Related papers: A Unified Framework for Multimodal, Multi-Part Human Motion Synthesis

A Unified Framework for Multimodal, Multi-Part Human Motion Synthesis

URL: http://arxiv.org/abs/2311.16471v1
Date: Tue, 28 Nov 2023 04:13:49 GMT
Title: A Unified Framework for Multimodal, Multi-Part Human Motion Synthesis
Authors: Zixiang Zhou, Yu Wan, Baoyuan Wang
Abstract summary: We introduce a cohesive and scalable approach that consolidates multimodal (text, music, speech) and multi-part (hand, torso) human motion generation. Our method frames the multimodal motion generation challenge as a token prediction task, drawing from specialized codebooks based on the modality of the control signal.
Score: 17.45562922442149
License: http://creativecommons.org/licenses/by/4.0/
Abstract: The field has made significant progress in synthesizing realistic human motion driven by various modalities. Yet, the need for different methods to animate various body parts according to different control signals limits the scalability of these techniques in practical scenarios.
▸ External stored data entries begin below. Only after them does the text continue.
Lemma difference_energy_bound M : 0 <= M -> exists L, 0 <= L /\ forall mu1 mu2 p,
  0 <= mu1 <= M -> 0 <= mu2 <= M -> a <= p <= b ->
  (w mu1 p - w mu2 p) * (w mu1 p - w mu2 p) + (F mu1 p - F mu2 p) * (F mu1 p - F mu2 p)
    <= L * ((mu1 - mu2) * (mu1 - mu2)).
Proof.
  intros HM. destruct coefficient_bound as [K [HK Hcoef]].
  destruct (energy_bound M HM) as [B [HB Hen]].
  set (G := K * (1 + M) + 1).
  assert (HG : 0 < G) by (unfold G; nra).
  exists (exp (G * (b - a)) * (K * K * B / G)). split.
  { pose proof (exp_pos (G * (b - a))).
    assert (0 <= K * K * B / G) by (apply Rdiv_le_0_compat; nra). nra. }
  intros mu1 mu2 p Hmu1 Hmu2 Hp. set (d := mu1 - mu2).
  replace (exp (G * (b - a)) * (K * K * B / G) * (d * d)) with
    (exp (G * (b - a)) * ((w mu1 a - w mu2 a) * (w mu1 a - w mu2 a)
       + (F mu1 a - F mu2 a) * (F mu1 a - F mu2 a) + K * K * B * (d * d) / G))
    by (rewrite !w_init, !F_init by lra; field; lra).
  apply (gronwall_on a b a_lt_b
    (fun y => (w mu1 y - w mu2 y) * (w mu1 y - w mu2 y) + (F mu1 y - F mu2 y) * (F mu1 y - F mu2 y))
    (fun y => 2 * (w mu1 y - w mu2 y) * (h y * F mu1 y - h y * F mu2 y)
              + 2 * (F mu1 y - F mu2 y) * (mu1 * r y * w mu1 y - mu2 * r y * w mu2 y))
    G (K * K * B * (d * d)) p HG);
    [apply Rmult_le_pos; [nra | apply Rle_0_sqr] | apply Rplus_le_le_0_compat; apply Rle_0_sqr
    | exact Hp | | |].
  - intros x.
    apply (continuity_pt_sum_sqr (fun y => w mu1 (clamp a b y) - w mu2 (clamp a b y))
                                 (fun y => F mu1 (clamp a b y) - F mu2 (clamp a b y)));
      apply continuity_pt_minus;
      solve [apply (w_cont mu1); lra | apply (w_cont mu2); lra
            | apply (F_cont mu1); lra | apply (F_cont mu2); lra].
  - intros x Hx.
    apply (derivable_pt_lim_sum_sqr (fun y => w mu1 y - w mu2 y) (fun y => F mu1 y - F mu2 y));
      apply derivable_pt_lim_minus;
      solve [apply w_deriv; lra | apply F_deriv; lra].
  - intros x Hx. destruct (Hcoef x Hx) as [Hh Hr]. pose proof (r_nonpos x Hx).
    set (z := r x * d * w mu2 x).
    pose proof (energy_rate_bound K M mu1 (h x) (r x) (w mu1 x - w mu2 x) (F mu1 x - F mu2 x) z
                  (conj (h_pos x Hx) Hh) ltac:(lra) Hmu1).
    assert (Hz : z * z <= K * K * B * (d * d)).
    { unfold z. replace (r x * d * w mu2 x * (r x * d * w mu2 x))
        with ((r x * r x) * (w mu2 x * w mu2 x) * (d * d)) by ring.
      pose proof (Hen mu2 x Hmu2 Hx). pose proof (Rle_0_sqr d). unfold Rsqr in *.
      assert (r x * r x <= K * K) by nra.
      apply Rmult_le_compat_r; [lra|]. apply Rmult_le_compat; nra. }
    replace (mu1 * r x * w mu1 x - mu2 * r x * w mu2 x)
      with (mu1 * r x * (w mu1 x - w mu2 x) + z) by (unfold z, d; ring).
    replace (h x * F mu1 x - h x * F mu2 x) with (h x * (F mu1 x - F mu2 x)) by ring.
    unfold G. lra.
Qed.

Lemma state_lipschitz M : 0 <= M -> exists L, 0 <= L /\ forall mu1 mu2 p,
  0 <= mu1 <= M -> 0 <= mu2 <= M -> a <= p <= b ->
  Rabs (w mu1 p - w mu2 p) <= L * Rabs (mu1 - mu2) /\
  Rabs (F mu1 p - F mu2 p) <= L * Rabs (mu1 - mu2).
Proof.
  intros HM. destruct (difference_energy_bound M HM) as [L [HL Hdiff]].
  exists (L + 1). split; [lra|]. intros mu1 mu2 p H1 H2 Hp.
  pose proof (Hdiff mu1 mu2 p H1 H2 Hp).
  pose proof (Rle_0_sqr (w mu1 p - w mu2 p)). pose proof (Rle_0_sqr (F mu1 p - F mu2 p)).
  unfold Rsqr in *.
  split; apply Rabs_le_of_sqr_le; lra.
Qed.
(* At time n, process p executes line 12 for o: the new value written
   by that GCAS has the form (t(o), -, -, h(o)). *)
Definition exec_line12_for e who (n : nat) (p : Proc) (o : operation) : Prop :=
  who n = Some p /\ pc (LL (e n) p) = L12 /\
  t_of e who o (lt' (LL (e n) p)) /\ lp' (LL (e n) p) = h_of o.

(* ... and that GCAS returns true *)
Definition line12_succeeds (e : nat -> config) (n : nat) (p : Proc) : Prop :=
  let l := LL (e n) p in SS (e n) = (lts l, lss l, lrs l, lps l).

Definition exec_line5 (e : nat -> config) who (n : nat) (p : Proc) : Prop :=
  who n = Some p /\ pc (LL (e n) p) = L5.

End Model.

From Stdlib Require Import Arith Lia Classical.

(* Let v = (t(o), s, r, h(o)) be the value written into S at time T.  If p' read S at
   line 5 after T, then before its line 9 some process executed line 6 with (t(o), h(o)):
   p' itself if it still read v, otherwise the iteration whose line 12 overwrote v, since
   that line-12 GCAS compared S with its own line-5 snapshot.  This line-6 GCAS leaves a
   non-NULL response in h(o), and h(o) never holds (t(o), NULL) again, because its owner
   only writes NULL together with fresh, strictly larger timestamps.  So p' cannot read
   (t(o), NULL) at line 9, which it must have done to reach line 12 for o. *)

Lemma first_change {X : Type} (f : nat -> X) a b : a <= b ->
  f b = f a \/ exists c, a <= c < b /\ f c = f a /\ f (S c) <> f c.
Proof.
  induction 1 as [|m Ham [IH|[c [Hc [Hfc Hch]]]]]; [now left| |].
  - destruct (classic (f (S m) = f m)) as [E|E]; [left; congruence|].
    right; exists m; repeat split; auto; lia.
  - right; exists c; repeat split; auto; lia.
Qed.

Section Execution.
Context {OP RES Q : Type} {apply : OP -> Q -> Q * RES} {s0 : Q}
  {e : nat -> config OP RES Q} {who : nat -> option Proc}.
Hypothesis Hexec : execution apply s0 e who.

Lemma scheduled_step n p : who n = Some p -> step apply p (e n) (e (S n)).
Proof. intro Hw. generalize (proj2 Hexec n). now rewrite Hw. Qed.

Lemma who_dec n r : who n = Some r \/ who n <> Some r.
Proof.
  destruct (who n) as [p|]; [|right; discriminate].
  destruct (Nat.eq_dec p r); [left|right]; congruence.
Qed.

Ltac rewrite_next n := match goal with H : e (S n) = _ |- _ => rewrite H end.

Lemma LL_unscheduled n r : who n <> Some r -> LL (e (S n)) r = LL (e n) r.
Proof.
  intro Hne. generalize (proj2 Hexec n).
  destruct (who n) as [p|] eqn:Hw; [|now intros ->].
  assert (Hrp : (r =? p) = false) by (apply Nat.eqb_neq; congruence).
  intro Hs; destruct Hs; rewrite_next n; unfold setL, upd; simpl; now rewrite Hrp.
Qed.

Lemma pc_init r : pc (LL (e 0) r) = L1.
Proof. destruct Hexec as [[H0 [l0 [-> Hl]]] _]. apply Hl. Qed.

Lemma last_step_before n r : pc (LL (e n) r) <> L1 ->
  exists m, m < n /\ who m = Some r /\ step apply r (e m) (e (S m)) /\
    LL (e (S m)) r = LL (e n) r /\ forall k, m < k < n -> who k <> Some r.
Proof.
  induction n as [|n IH]; intro Hpc; [now rewrite pc_init in Hpc|].
  destruct (who_dec n r) as [Hw|Hw].
  - exists n; repeat split; auto using scheduled_step; lia.
  - rewrite (LL_unscheduled n r Hw) in Hpc |- *.
    destruct (IH Hpc) as [m [Hm [Hwm [Hs [Heq Hgap]]]]].
    exists m; repeat split; auto.
    intros k Hk; destruct (Nat.eq_dec k n); [congruence|apply Hgap; lia].
Qed.

Ltac destruct_pairs := repeat match goal with
  | |- context [match ?x with pair _ _ => _ end] => let E := fresh "E" in destruct x eqn:E
  end.
Ltac unfold_step n :=
  rewrite_next n; unfold setL, upd; simpl; rewrite ?Nat.eqb_refl; simpl; destruct_pairs; simpl.

Lemma CC_monotone a b : a <= b -> CC (e a) <= CC (e b).
Proof.
  induction 1 as [|m _ IH]; [lia|].
  enough (CC (e m) <= CC (e (S m))) by lia.
  generalize (proj2 Hexec m); destruct (who m) as [p|].
  - intro Hs; destruct Hs; rewrite_next m; simpl; lia.
  - intros ->; lia.
Qed.

Lemma inv_monotone a b r : a <= b -> inv (LL (e a) r) <= inv (LL (e b) r).
Proof.
  induction 1 as [|m _ IH]; [lia|].
  enough (inv (LL (e m) r) <= inv (LL (e (S m)) r)) by lia.
  destruct (who_dec m r) as [Hw|Hw].
  - destruct (scheduled_step m r Hw); unfold_step m; lia.
  - rewrite (LL_unscheduled m r Hw); lia.
Qed.

Definition after_line2 (l : line) : Prop := match l with L1 | L2 => False | _ => True end.
Definition after_line3 (l : line) : Prop := match l with L1 | L2 | L3 => False | _ => True end.
Definition in_lines_9_12 (l : line) : Prop :=
  match l with L9 | L10 | L11 | L12 => True | _ => False end.

Ltac by_current_pc := match goal with Hpc : pc (LL (e _) _) = _ |- _ => rewrite Hpc end; exact I.

Lemma lt_lt_CC n r : after_line2 (pc (LL (e n) r)) -> lt (LL (e n) r) < CC (e n).
Proof.
  induction n as [|n IH]; [now rewrite pc_init|].
  destruct (who_dec n r) as [Hw|Hw].
  - destruct (scheduled_step n r Hw); unfold_step n; intro Hp; simpl in Hp;
      try tauto; try lia; generalize (IH ltac:(by_current_pc)); lia.
  - rewrite (LL_unscheduled n r Hw). intro Hp.
    generalize (IH Hp) (CC_monotone n (S n) ltac:(lia)); lia.
Qed.

Definition announced (t : nat) (q : Proc) (n : nat) : Prop :=
  exists m, m < n /\ who m = Some q /\ pc (LL (e m) q) = L3 /\ lt (LL (e m) q) = t.

Lemma announced_S t q n : announced t q n -> announced t q (S n).
Proof. intros [m Hm]. exists m. intuition lia. Qed.

Lemma lt_announced n r : after_line3 (pc (LL (e n) r)) -> announced (lt (LL (e n) r)) r n.
Proof.
  induction n as [|n IH]; [now rewrite pc_init|].
  destruct (who_dec n r) as [Hw|Hw].
  - destruct (scheduled_step n r Hw); unfold_step n; intro Hp; simpl in Hp; try tauto;
      try (apply announced_S, IH; by_current_pc).
    exists n; auto.
  - rewrite (LL_unscheduled n r Hw). intro Hp. apply announced_S, IH, Hp.
Qed.

Lemma AA_announced n t o q : AA (e n) = (t, o, PH q) -> announced t q n.
Proof.
  revert t o q; induction n as [|n IH]; intros t o q.
  { destruct Hexec as [[H0 [l0 [-> _]]] _]. discriminate. }
  generalize (proj2 Hexec n); destruct (who n) as [p|].
  - intro Hs; destruct Hs; rewrite_next n; simpl; intro HA;
      try (apply announced_S; eapply IH; exact HA);
      injection HA as <- _ <-; apply announced_S, lt_announced; by_current_pc.
  - intros ->; intro HA; eapply announced_S, IH; eauto.
Qed.

Lemma lp'_announced n r q : in_lines_9_12 (pc (LL (e n) r)) -> lp' (LL (e n) r) = PH q ->
  announced (lt' (LL (e n) r)) q n.
Proof.
  induction n as [|n IH]; [now rewrite pc_init|].
  destruct (who_dec n r) as [Hw|Hw].
  - destruct (scheduled_step n r Hw); unfold_step n; intros Hp Hq; simpl in Hp; try tauto;
      try (apply announced_S, IH; [by_current_pc|exact Hq]).
    subst. apply announced_S. eapply AA_announced; eassumption.
  - rewrite (LL_unscheduled n r Hw). intros Hp Hq. apply announced_S; auto.
Qed.

Lemma SS_announced n t s v q : SS (e n) = (t, s, v, PH q) -> announced t q n.
Proof.
  revert t s v q; induction n as [|n IH]; intros t s v q.
  { destruct Hexec as [[H0 [l0 [-> _]]] _]. discriminate. }
  generalize (proj2 Hexec n); destruct (who n) as [p|].
  - intro Hs; destruct Hs; rewrite_next n; simpl; intro HS;
      try (apply announced_S; eapply IH; exact HS).
    injection HS as <- _ _ Hq. apply announced_S, lp'_announced; [by_current_pc|exact Hq].
  - intros ->; intro HS; eapply announced_S, IH; eauto.
Qed.

Lemma lps_announced n r q : pc (LL (e n) r) = L6 -> lps (LL (e n) r) = PH q ->
  announced (lts (LL (e n) r)) q n.
Proof.
  induction n as [|n IH]; [now rewrite pc_init|].
  destruct (who_dec n r) as [Hw|Hw].
  - destruct (scheduled_step n r Hw); unfold_step n; intros Hp Hq; try discriminate.
    subst. apply announced_S. eapply SS_announced; eassumption.
  - rewrite (LL_unscheduled n r Hw). intros Hp Hq. apply announced_S; auto.
Qed.

Lemma responses_not_null n : snd (fst (SS (e n))) <> RNull /\
  forall r, (pc (LL (e n) r) = L6 -> lrs (LL (e n) r) <> RNull) /\
            (pc (LL (e n) r) = L12 -> lrn (LL (e n) r) <> RNull).
Proof.
  induction n as [|n [IS IL]].
  { destruct Hexec as [[H0 [l0 [-> Hl]]] _]. simpl. split; [discriminate|].
    intro r. rewrite Hl. split; discriminate. }
  split.
  - generalize (proj2 Hexec n); destruct (who n) as [p|].
    + intro Hs; destruct Hs; rewrite_next n; simpl; auto. apply (IL p); auto.
    + now intros ->.
  - intro r. destruct (who_dec n r) as [Hw|Hw].
    + destruct (scheduled_step n r Hw); unfold_step n; split; intro Hp;
        try discriminate; try (apply (IL r); assumption).
      exact IS.
    + rewrite (LL_unscheduled n r Hw). apply IL.
Qed.

Ltac destruct_pairs_in H := repeat match type of H with
  | context [match ?x with pair _ _ => _ end] => let E := fresh "E" in destruct x eqn:E
  end; simpl in H.
Ltac unfold_step_in m H := match goal with Hm : e (S m) = _ |- _ => rewrite Hm in H end;
  unfold setL, upd in H; simpl in H; rewrite ?Nat.eqb_refl in H; simpl in H; destruct_pairs_in H.

Lemma HH_write_cases n p q : who n = Some p ->
  HH (e (S n)) q = HH (e n) q \/
  (p = q /\ pc (LL (e n) p) = L3 /\ HH (e (S n)) q = (lt (LL (e n) p), RNull)) \/
  (pc (LL (e n) p) = L6 /\ HH (e (S n)) q = (lts (LL (e n) p), lrs (LL (e n) p))).
Proof.
  intro Hw. destruct (scheduled_step n p Hw); rewrite_next n; simpl; auto;
    unfold upd; destruct (q =? _) eqn:Eq; auto; apply Nat.eqb_eq in Eq; subst; auto.
Qed.

Lemma line3_timestamp_increases m k q : who m = Some q -> pc (LL (e m) q) = L3 ->
  pc (LL (e k) q) = L3 -> m < k -> lt (LL (e m) q) < lt (LL (e k) q).
Proof.
  intros Hw Hpm Hpk Hmk.
  destruct (last_step_before k q) as [l [Hl [Hwl [Hs [Heq Hgap]]]]]; [congruence|].
  assert (m <= l) by (destruct (Nat.le_gt_cases m l); auto; exfalso; apply (Hgap m); auto).
  destruct Hs; unfold_step_in l Heq; rewrite <- Heq in Hpk |- *; simpl in Hpk |- *;
    try discriminate.
  assert (m <> l) by (intros ->; congruence).
  generalize (lt_lt_CC m q ltac:(now rewrite Hpm)) (CC_monotone m l ltac:(lia)). lia.
Qed.

Lemma HH_not_reset t q m : announced t q m -> HH (e m) q <> (t, RNull) ->
  forall k, m <= k -> HH (e k) q <> (t, RNull).
Proof.
  intros [m3 [Hm3 [Hw3 [Hp3 Ht3]]]] Hm k.
  induction 1 as [|k Hmk IH]; [exact Hm|].
  generalize (proj2 Hexec k); destruct (who k) as [p|] eqn:Hw; [|now intros ->].
  intros _; destruct (HH_write_cases k p q Hw) as [E|[[<- [Hp3k E]]|[Hp6 E]]]; rewrite E.
  - exact IH.
  - generalize (line3_timestamp_increases m3 k p Hw3 Hp3 Hp3k ltac:(lia)).
    intros Hlt [= Ht]; lia.
  - generalize (proj1 (proj2 (responses_not_null k) p) Hp6). congruence.
Qed.

Definition line6_on (n t : nat) (q : Proc) : Prop :=
  exists r, who n = Some r /\ pc (LL (e n) r) = L6 /\ lts (LL (e n) r) = t /\ lps (LL (e n) r) = PH q.

Lemma line6_clears_HH n t q : line6_on n t q -> forall k, n < k -> HH (e k) q <> (t, RNull).
Proof.
  intros [r [Hw [Hp6 [<- Hq]]]] k Hk.
  apply (HH_not_reset _ q (S n)); [apply announced_S, lps_announced; auto| |lia].
  generalize (proj1 (proj2 (responses_not_null n) r) Hp6).
  destruct (scheduled_step n r Hw); try congruence; rewrite_next n; simpl; rewrite Hq in *.
  - unfold upd. assert (q0 = q) as -> by congruence. rewrite Nat.eqb_refl. congruence.
  - simpl in *. congruence.
Qed.

Definition S_snapshot (l : local OP RES Q) : nat * Q * rval RES * ptr :=
  (lts l, lss l, lrs l, lps l).

Definition no_line5_between (a b : nat) (r : Proc) : Prop :=
  forall k, a < k < b -> ~ exec_line5 e who k r.

Lemma no_line5_idle a b r : (forall k, a < k < b -> who k <> Some r) -> no_line5_between a b r.
Proof. intros Hgap k Hk [Hw _]. exact (Hgap k Hk Hw). Qed.

Lemma no_line5_concat a b c r : no_line5_between a b r -> pc (LL (e b) r) <> L5 ->
  no_line5_between b c r -> no_line5_between a c r.
Proof.
  intros Hab Hb Hbc k Hk Hl5.
  destruct (lt_eq_lt_dec k b) as [[Hkb| ->]|Hbk].
  - apply (Hab k); auto; lia.
  - apply Hb, Hl5.
  - apply (Hbc k); auto; lia.
Qed.
Lemma SF_fconcat k l (f : pfun k) (g : pfun l) (r : 'S_(k + l)) : parent_lt f -> parent_lt g ->
  (r \in SF (fconcat f g)) = (lstd r \in SF f) && (rstd r \in SF g).
Proof.
move=> f_lt g_lt; rewrite !SF_edgesE ?fconcat_parent_lt //.
have lmono := increasing_ltn (enum_setP (card_lpos r)).1.
have rmono := increasing_ltn (enum_setP (card_rpos r)).1.
apply/idP/andP => [r_resp|[f_resp g_resp]].
  split; apply/forallP=> a; apply/forallP=> b; apply/implyP=> /eqP fab.
    have := implyP (forallP (forallP r_resp (lshift l a)) (lshift l b)).
    by rewrite fconcat_lshift fab eqxx !perm_inv_lshift lmono; apply.
  have := implyP (forallP (forallP r_resp (rshift k a)) (rshift k b)).
  by rewrite fconcat_rshift fab eqxx !perm_inv_rshift rmono; apply.
apply/forallP=> i; apply/forallP=> j; apply/implyP.
case: (split_ordP i) => [a ->|b ->]; rewrite ?fconcat_lshift ?fconcat_rshift.
  case fa: (f a) => [b|] //= /eqP [<-]; rewrite !perm_inv_lshift lmono.
  exact: (implyP (forallP (forallP f_resp a) b) (introT eqP fa)).
case gb: (g b) => [c|] //= /eqP [<-]; rewrite !perm_inv_rshift rmono.
exact: (implyP (forallP (forallP g_resp b) c) (introT eqP gb)).
Qed.

Section ThetaProduct.
Variable K : numFieldType.
Local Open Scope ring_scope.

Lemma fqmulE k l (r : 'S_(k + l)) (s : 'S_k) (t : 'S_l) :
  fqmul K s t r = ((s == lstd r) && (t == rstd r) : nat)%:R.
Proof.
rewrite ffunE; congr (_%:R); have [e_shuffle r_eq] := shuffle_ofP r.
case: (boolP ((s == lstd r) && (t == rstd r))) => [/andP [/eqP -> /eqP ->]|not_std].
  apply: (@eq_card1 _ (shuffle_of r)) => e; rewrite inE; apply/andP/eqP => [[sh /forallP re]|->].
    by have [] := shuffle_of_uniq sh (fun i => eqP (re i)).
  by split=> //; apply/forallP=> i; rewrite r_eq.
apply: eq_card0 => e; rewrite inE; apply/negP=> /andP [sh /forallP re].
have [_ s_std t_std] := shuffle_of_uniq sh (fun i => eqP (re i)).
by rewrite s_std t_std !eqxx in not_std.
Qed.

Lemma theta_fconcat k l (f : pfun k) (g : pfun l) :
  parent_lt f -> parent_lt g -> theta K (fconcat f g) = mulF (theta K f) (theta K g).
Proof.
move=> f_lt g_lt; apply/ffunP=> r.
rewrite [RHS]ffunE (bigD1 (lstd r)) //= [X in _ + X]big1 ?addr0; last first.
  by move=> s s_r; apply: big1 => t _; rewrite fqmulE (negbTE s_r) mulr0.
rewrite (bigD1 (rstd r)) //= [X in _ + X]big1 ?addr0; last first.
  by move=> t t_r; rewrite fqmulE eqxx (negbTE t_r) mulr0.
rewrite fqmulE !eqxx mulr1 !ffunE SF_fconcat //.
by case: (_ \in SF f); case: (_ \in SF g); rewrite ?mul1r ?mul0r.
Qed.

Lemma theta_empty : theta K empty_forest = [ffun _ => 1].
Proof.
by apply/ffunP=> s; rewrite !ffunE; have -> : s \in SF empty_forest by apply/forallP=> -[].
Qed.

Lemma hcop_hof k l (f : pfun (k + l)) (p : pfun k * pfun l) :
  is_hof f -> hcop K f p != 0 -> is_hof p.1 && is_hof p.2.
Proof.
rewrite is_hofE ffunE pnatr_eq0 -lt0n => f_lt /card_gt0P [c].
rewrite inE => /andP [/andP [_ fp1] fp2].
by rewrite !is_hofE (restr_parent_lt f_lt fp1) (restr_parent_lt f_lt fp2).
Qed.

End ThetaProduct.

(** * Theta is comultiplicative *)

Section AdmissibleCuts.
Variables (n : nat) (f : pfun n).
Hypothesis f_lt : parent_lt f.

Definition child_closed (B : {set 'I_n}) :=
  [forall u, forall v, (f u == Some v) ==> (v \in B) ==> (u \in B)].

Definition top_of (B : {set 'I_n}) := [set v in B | [forall w in B, ~~ reach f v w]].

Lemma child_closed_reach B u v : child_closed B -> reach f u v -> v \in B -> u \in B.
Proof.
move=> /forallP B_closed /andP [_ uv]; apply: (connect_ind_rev _ uv) => a b /eqP fab.
exact: (implyP (implyP (forallP (B_closed a) b) (introT eqP fab))).
Qed.

Lemma child_closed_lea c : child_closed (lea f c).
Proof.
apply/forallP=> u; apply/forallP=> v; apply/implyP=> /eqP fuv; apply/implyP; rewrite !inE.
case/orP=> [vc|/existsP [w /andP [wc vw]]]; apply/orP; right; apply/existsP.
  by exists v; rewrite vc edge_reach.
by exists w; rewrite wc (reach_trans f_lt (edge_reach f_lt fuv) vw).
Qed.

Lemma lea_top B : child_closed B -> lea f (top_of B) = B.
Proof.
move=> B_closed; apply/setP=> w; apply/idP/idP.
  rewrite inE => /orP [|/existsP [v /andP [vtop wv]]]; first by rewrite inE => /andP [].
  by move: vtop; rewrite inE => /andP [vB _]; apply: child_closed_reach wv vB.
(* the ancestor of w in B with the least label is in top_of B *)
move=> wB; have wP : (w \in B) && connect (pedge f) w w by rewrite wB connect0.
case: (@arg_minnP _ w (fun u => (u \in B) && connect (pedge f) w u) val wP) => v /andP [vB wv] v_min.
have vtop : v \in top_of B.
  rewrite inE vB; apply/forallP=> u; apply/implyP=> uB; apply/negP.
  rewrite reach_parent_lt // => /andP [vu uv].
  by have := v_min u; rewrite uB (connect_trans wv vu) leqNgt uv => /(_ isT).
rewrite inE; case: (eqVneq w v) => [->|wv']; first by rewrite vtop.
by apply/orP; right; apply/existsP; exists v; rewrite vtop /reach wv' wv.
Qed.

Lemma top_adm B : adm_cut f (top_of B).
Proof.
apply/forallP=> v; apply/implyP; rewrite inE => /andP [_ /forallP v_top].
by apply/forallP=> w; apply/implyP; rewrite inE => /andP [wB _]; apply: (implyP (v_top w)).
Qed.
Lemma branch_disjoint j1 j2 x : x \in branch j1 -> x \in branch j2 -> j1 = j2.
Proof.
case: x => [a|i]; rewrite !inE => h1 h2; apply: val_inj; last by rewrite /= -(eqP h1) -(eqP h2).
case: (ltngtP j1 j2) => // lt; exfalso.
- exact: branch_lo_disjoint lt h1 h2.
- exact: branch_lo_disjoint lt h2 h1.
Qed.

(* v_(j1) sees u_(2^(j2-1) + 2^(j1)) when j2 >= j1 + 2; consecutive branch sets meet
   along the path, and X_0 = {v_0} sees u_1 in X_1. *)
Lemma branch_touch (j1 j2 : 'I_k.+1) : j1 < j2 ->
  exists x y, [/\ x \in branch j1, y \in branch j2 & e x y].
Proof.
move=> lt; have j2k : (j2 : nat) <= k by rewrite -ltnS.
have j1k : (j1 : nat) < k by lia.
have p2k : 2 ^ j2 <= 2 ^ k by rewrite leq_pexp2l.
have [far|near] := leqP (j1 + 2) j2.
  set m := j2.-1 - j1.
  have em : 2 ^ j2.-1 = 2 ^ j1 * 2 ^ m by rewrite -expnD subnKC //; lia.
  have pm : 2 <= 2 ^ m by rewrite -[2]/(2 ^ 1) leq_pexp2l //; lia.
  have p1 : 0 < 2 ^ j1 by rewrite expn_gt0.
  have := expnS 2 j2.-1; rewrite prednK; last by lia.
  move=> e2; have h : 2 * 2 ^ j1 <= 2 ^ j1 * 2 ^ m by rewrite mulnC leq_pmul2l.
  have lt1 : 2 ^ j2.-1 + 2 ^ j1 - 1 < N by nia.
  exists (inr (Ordinal j1k)), (inl (Ordinal lt1)); split; rewrite ?inE //=.
    by rewrite /branch_lo; case: eqP => [?|_]; [lia | apply/andP; split; nia].
  rewrite subn1 prednK; last by nia.
  rewrite em -{2}(muln1 (2 ^ j1)) -mulnDr logn2_pow_odd //.
  by rewrite oddD oddX; case: (m) pm.
have p2 : 2 <= 2 ^ k by rewrite -[2]/(2 ^ 1) leq_pexp2l.
case: (posnP j1) => j10.
  have lt1 : 0 < N by lia.
  have ej2 : (j2 : nat) = 1 by lia.
  by exists (inr (Ordinal j1k)), (inl (Ordinal lt1)); rewrite !inE /= ej2 j10 logn1.
have ej2 : (j2 : nat) = j1.+1 by lia.
have := expnS 2 j1; have p1 : 2 <= 2 ^ j1 by rewrite -[2]/(2 ^ 1) leq_pexp2l.
rewrite -ej2 => e2; have lta : 2 ^ j1 - 1 < N by lia.
have ltb : 2 ^ j1 < N by lia.
exists (inl (Ordinal lta)), (inl (Ordinal ltb)); rewrite !inE /= ej2.
rewrite subn1 prednK ?expn_gt0 // eqxx leqnn andbT branch_lo_lt //.
by rewrite /branch_lo eqSS eqn0Ngt j10 /= expnS; split=> //; lia.
Qed.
In this paper, we introduce a cohesive and scalable approach that consolidates multimodal (text, music, speech) and multi-part (hand, torso) human motion generation. Our methodology unfolds in several steps: We begin by quantizing the motions of diverse body parts into separate codebooks tailored to their respective domains. Next, we harness the robust capabilities of pre-trained models to transcode multimodal signals into a shared latent space. We then translate these signals into discrete motion tokens by iteratively predicting subsequent tokens to form a complete sequence. Finally, we reconstruct the continuous actual motion from this tokenized sequence. Our method frames the multimodal motion generation challenge as a token prediction task, drawing from specialized codebooks based on the modality of the control signal. This approach is inherently scalable, allowing for the easy integration of new modalities. Extensive experiments demonstrated the effectiveness of our design, emphasizing its potential for broad application.

Related papers

VersatileMotion: A Unified Framework for Motion Synthesis and Comprehension [26.172040706657235]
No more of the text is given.